Construction workers in Juneau are making progress on the State Library Archives Museum building – otherwise known as SLAM. What most people don’t see is all the work behind the scenes.
A small team of museum staff members, volunteers and museum professionals from around the state are packing up the Alaska State Museum’s entire collection – ranging from a 45-foot umiak to half-inch-tall ivory pieces.
Only 5 percent of the museum’s collection is displayed at any given time. The rest is stored in the basement.
Lisa Phu took a tour of the museum basement to find out what it takes to move a museum.
As conservator for the Alaska State Museum, Ellen Carrlee is responsible for figuring out how to pack up more than 32,000 objects. This involves opening every drawer in every storage unit and coming up with a plan for each item.
“Like this drawer for example has several boxes in it already which are really easy to travel, but this drum which is from the Arctic Winter Games; it’s a walrus stomach drum from 1974 and it has signatures of people all over,” Carrlee said. “It’s very delicate.”
Carrlee says she and other museum staff members pack and move objects all the time – for exhibits or to go on loan – that’s part of their job description. But moving an entire collection usually happens only once in someone’s career.
There’s no manual on how to pack up a museum collection, so Carrlee resorted to more pedestrian means – she Googled it.
“If you look on the internet for good methods for packing museum artifacts, and you try to search Google images or whatever, you’d think there’d be a lot of images but there’s not nearly as many as we’d like to see,” Carrlee said.
So they’ve had to improvise. Carrlee has come up with about a dozen different techniques for packing various artifacts, including dance fans with feather appendages, ivory cribbage boards, spruce root baskets, a three-foot high piece of red tree coral.
She walks around with a yellow legal pad, scrutinizes each artifact and writes down a plan to stabilize it. After she’s gone through all the objects, she tapes her handwritten notes and diagrams to the outside of the cabinet.

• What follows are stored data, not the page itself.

(* Let $q\ge2$ be an integer and define $F(y)=\ln\!\Big(\frac{(1-y)^q+(1+y)^q}{2}\Big)$ for $y\in[0,1]$, and $G(z)=\ln F(e^z)$ for $z\in(-\infty,0]$. Then $G$ is concave on $(-\infty,0]$. Consequently, for all $0\le\epsilon\le\tfrac12$ and all $0<x\le1$, \[ F\big((1-2\epsilon)x\big)\cdot F(1) ~\le~ F(1-2\epsilon)\cdot F(x). \]
   Context: Note $F(y)>0$ for $0<y\le1$, so $G$ is well defined on $(-\infty,0]$. *)

From Stdlib Require Import Reals Lra Lia.
Open Scope R_scope.

Definition F (q : nat) (y : R) : R := ln (((1 - y) ^ q + (1 + y) ^ q) / 2).

Definition G (q : nat) (z : R) : R := ln (F q (exp z)).

Definition concave_on (D : R -> Prop) (f : R -> R) : Prop :=
  forall a b t, D a -> D b -> 0 <= t <= 1 ->
    t * f a + (1 - t) * f b <= f (t * a + (1 - t) * b).

(* Writing y = e^z, one has G'(z) = H(y) with H = N / F, where N(y) = y P'(y)/P(y)
   is the elasticity of P.  Since z |-> e^z is increasing, G is concave on
   (-oo, 0] as soon as H is nonincreasing on (0, 1].  Now N(0) = F(0) = 0 and
   N' = L * F' with F' = P'/P > 0, so by the monotone form of l'Hopital's rule
   (lemma [lhopital_monotone]) it suffices that L is nonincreasing on (0, 1].
   The substitution t = (1-y)/(1+y), which reverses the order, turns L into an
   explicit function Lt of t in [0, 1) whose derivative is a sum of nonnegative
   terms; their signs reduce to the elementary inequalities
   tanh(k s) <= k tanh(s) and tanh(s) <= tanh(k s) for k >= 1 (in the
   variable t = e^(-2s)).

   The product inequality of the theorem is the
   superadditivity of a concave function on (-oo, 0], applied at ln x and
   ln(1 - 2 eps). *)

From Stdlib Require Import Reals Lra Lia.
From Coquelicot Require Import Coquelicot.
Open Scope R_scope.

Lemma pow_unit_interval (x : R) (k : nat) : 0 <= x <= 1 -> 0 <= x ^ k <= 1.
Proof.
  intros Hx. split; [apply pow_le; lra|].
  rewrite <- (pow1 k). apply pow_incr. lra.
Qed.

Lemma exp_le_compat (a b : R) : a <= b -> exp a <= exp b.
Proof. intros [Hlt| <-]; [left; now apply exp_increasing | lra]. Qed.

Lemma is_derive_continuity_pt (f : R -> R) (x l : R) :
  is_derive f x l -> continuity_pt f x.
Proof.
  intros Hd. apply derivable_continuous_pt. exists l. now apply is_derive_Reals.
Qed.

Lemma mvt_interior (f df : R -> R) (a b : R) : a < b ->
  (forall x, a <= x <= b -> continuity_pt f x) ->
  (forall x, a < x < b -> is_derive f x (df x)) ->
  exists c, a < c < b /\ f b - f a = df c * (b - a).
Proof.
  intros Hab Hcont Hd.
  assert (pr : forall c, a < c < b -> derivable_pt f c).
  { intros c Hc. exists (df c). apply is_derive_Reals. auto. }
  destruct (MVT f id a b pr (fun c _ => derivable_pt_id c) Hab Hcont
              (fun c _ => derivable_continuous_pt _ _ (derivable_pt_id c)))
    as [c [Hc E]].
  exists c. split; [exact Hc|].
  rewrite derive_pt_id in E.
  rewrite (derive_pt_eq_0 f c (df c) (pr c Hc)) in E
    by (apply is_derive_Reals; auto).
  unfold id in E. lra.
Qed.

Lemma nondecreasing_of_deriv (f df : R -> R) (a b : R) : a <= b ->
  (forall x, a <= x <= b -> continuity_pt f x) ->
  (forall x, a < x < b -> is_derive f x (df x)) ->
  (forall x, a < x < b -> 0 <= df x) -> f a <= f b.
Proof.
  intros Hab Hcont Hd Hpos.
  destruct (Req_dec a b) as [<-|Hne]; [lra|].
  destruct (mvt_interior f df a b) as [c [Hc E]]; auto; [lra|].
  pose proof (Hpos c Hc). nra.
Qed.

Lemma nonincreasing_of_deriv (f df : R -> R) (a b : R) : a <= b ->
  (forall x, a <= x <= b -> continuity_pt f x) ->
  (forall x, a < x < b -> is_derive f x (df x)) ->
  (forall x, a < x < b -> df x <= 0) -> f b <= f a.
Proof.
  intros Hab Hcont Hd Hneg.
  destruct (Req_dec a b) as [<-|Hne]; [lra|].
  destruct (mvt_interior f df a b) as [c [Hc E]]; auto; [lra|].
  pose proof (Hneg c Hc). nra.
Qed.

“Every cabinet, every drawer, every item has to have a plan,” she said.
Carrlee heads up a team of staff and volunteers who are tackling different aspects of the packing.
On this day, museum professional Jon Loring is focused on ivory. He wears cotton gloves and is in the process of making custom storage mounts for carved ivory pipes.
“Ivory is one of the most fragile objects in the collection,” he said.
Loring sits by a table filled with cutting materials, measuring devices, a glue gun, a spool of cotton ribbon, and different size scraps of foam and cardboard.
“Some of these are really complicated and you have to cut exactly the right angle to support the object and it’s not so easy,” Loring said. “I can probably do about 12-15 of these a day.”
The museum has 70 ivory pipes in its collection. Loring is also making custom mounts for masks. There are 600 of those.
Volunteer Fran Dameron has been helping out at the museum for 14 years. At the moment she’s putting numbers on mining artifacts.
“Did you see these enormous wrenches down here?” she asked. “I wouldn’t try to lift it; that’s why I was working on the floor.”
The numbers are linked to the museum’s database which keeps track of all the collection items.
Carrlee says the process of having to look through every storage unit has helped the team locate what are called “registration problems” – items without a number.
“This museum goes back to 1900 so we’ve got 113 years of potential clerical errors,” she said.
But there’s also the chance of finding something that was missing, or two pieces that were separated.
“Right now I’ve got a bag that has a wing in it from a taxidermied bird and I know that through this process, I’m eventually going to find a bird with one wing and we’re going to reunite the bird with its wing,” Carrlee said.
The team has until the end of February to pack up the museum’s collection. Once that’s all done safely and securely, Addison Field is in charge of moving the collection.
The majority of it will travel in carts through a tunnel to be built between the current building and the new one.
Field says other items, like paintings, may be hand carried.
“One object and one person and that’s not the most efficient way to do things, but when you’re dealing with things that are really truly treasures and need to be safeguarded, that’s the safest way to do it,” she said.
Certain items won’t fit through the tunnel, like the 8-foot wide, 45-foot long walrus hide umiak, which was originally assembled inside the building. Field doesn’t know how that will be moved, but he does know is when the doors of the new State Library Archives Museum opens in the spring of 2016, the umiak will be there unscathed.
Lisa Phu is a reporter at KTOO in Juneau.